What this task involves: Tally the lines in the entries where the string "exists" appears, and write only the total.

The records:
(* Let $\Omega$ be a zigzag continual diagram, let $\epsilon>0$, let $f(x)=x+b$ with $b>0$, let $z_+$ be the maximal real number with $f(z_+)=\Omega(z_+-\epsilon)+\epsilon$, and let $\overline{\Omega}=\overline{\Omega}_{\Omega,\epsilon,f}$ be the $\epsilon$-shift of $\Omega$ along $f$. Then for every non-negative function $\phi\colon\mathbb{R}\to\mathbb{R}_+$, \[\int_{-\infty}^{\infty}\phi(z)\,d\mu_{\overline{\Omega}}(z)\ \ge\ \int_{-\infty}^{\infty}\phi(z+\epsilon)\,P^{\min}_{z_+}(z+\epsilon)\,d\mu_\Omega(z).\]
   Context: A continual diagram is a function $\omega\colon\mathbb{R}\to\mathbb{R}_+$ such that $|\omega(z_1)-\omega(z_2)|\le|z_1-z_2|$ for all $z_1,z_2$, and $\omega(z)=|z|$ for all sufficiently large $|z|$. It is a zigzag if it is piecewise affine with slopes only $\pm1$; then, with its local minima at $\mathbbm{x}_0<\dots<\mathbbm{x}_L$ and local maxima at $\mathbbm{y}_1<\dots<\mathbbm{y}_L$, its Cauchy transform is $\mathbf{G}_\omega(z)=\prod_{i=1}^L(z-\mathbbm{y}_i)/\prod_{i=0}^L(z-\mathbbm{x}_i)$, which decomposes as $\sum_i p_i/(z-\mathbbm{x}_i)$ with $p_i>0$, $\sum p_i=1$, and the transition measure is $\mu_\omega=\sum_i p_i\delta_{\mathbbm{x}_i}$. For a general continual diagram, $\log[z\,\mathbf{G}_\omega(z)]=-\int_{-\infty}^\infty\frac{1}{z-w}\big(\frac{\omega(w)-|w|}{2}\big)'\,dw$ ($z\in\mathbb{C}\setminus\mathbb{R}$) and $\mu_\omega$ is the probability measure with $\mathbf{G}_\omega(z)=\int\frac{d\mu_\omega(x)}{z-x}$ (this agrees with the zigzag definition). $\epsilon$-shift: $\overline{\Omega}_{\Omega,\epsilon,f}(z)=\min\big[\max[\Omega(z-\epsilon)-\epsilon,\ f(z)],\ \Omega(z-\epsilon)+\epsilon\big]$. For real $z_+$ (and the fixed $\epsilon$): $P^{\min}_{z_+}(z)=\frac{z-z_+}{z+\epsilon-z_+}$ for $z\ge z_+$, and $P^{\min}_{z_+}(z)=0$ otherwise. *)

From mathcomp Require Import all_boot all_order all_algebra.
From mathcomp Require Import reals.
Set Implicit Arguments. Unset Strict Implicit. Unset Printing Implicit Defensive.
Import Order.TTheory GRing.Theory Num.Theory.
Local Open Scope ring_scope.

Section Defs.
Variable R : realType.

Definition continual_diagram (w : R -> R) : Prop :=
  (forall z, 0 <= w z) /\
  (forall z1 z2, `|w z1 - w z2| <= `|z1 - z2|) /\
  (exists M : R, forall z, M <= `|z| -> w z = `|z|).

Definition zigzag (w : R -> R) : Prop :=
  continual_diagram w /\
  exists s : seq R, forall a b, a < b -> (forall t, t \in s -> ~ (a < t < b)) ->
    (forall z, a <= z <= b -> w z = w a + (z - a)) \/
    (forall z, a <= z <= b -> w z = w a - (z - a)).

Finished task: 2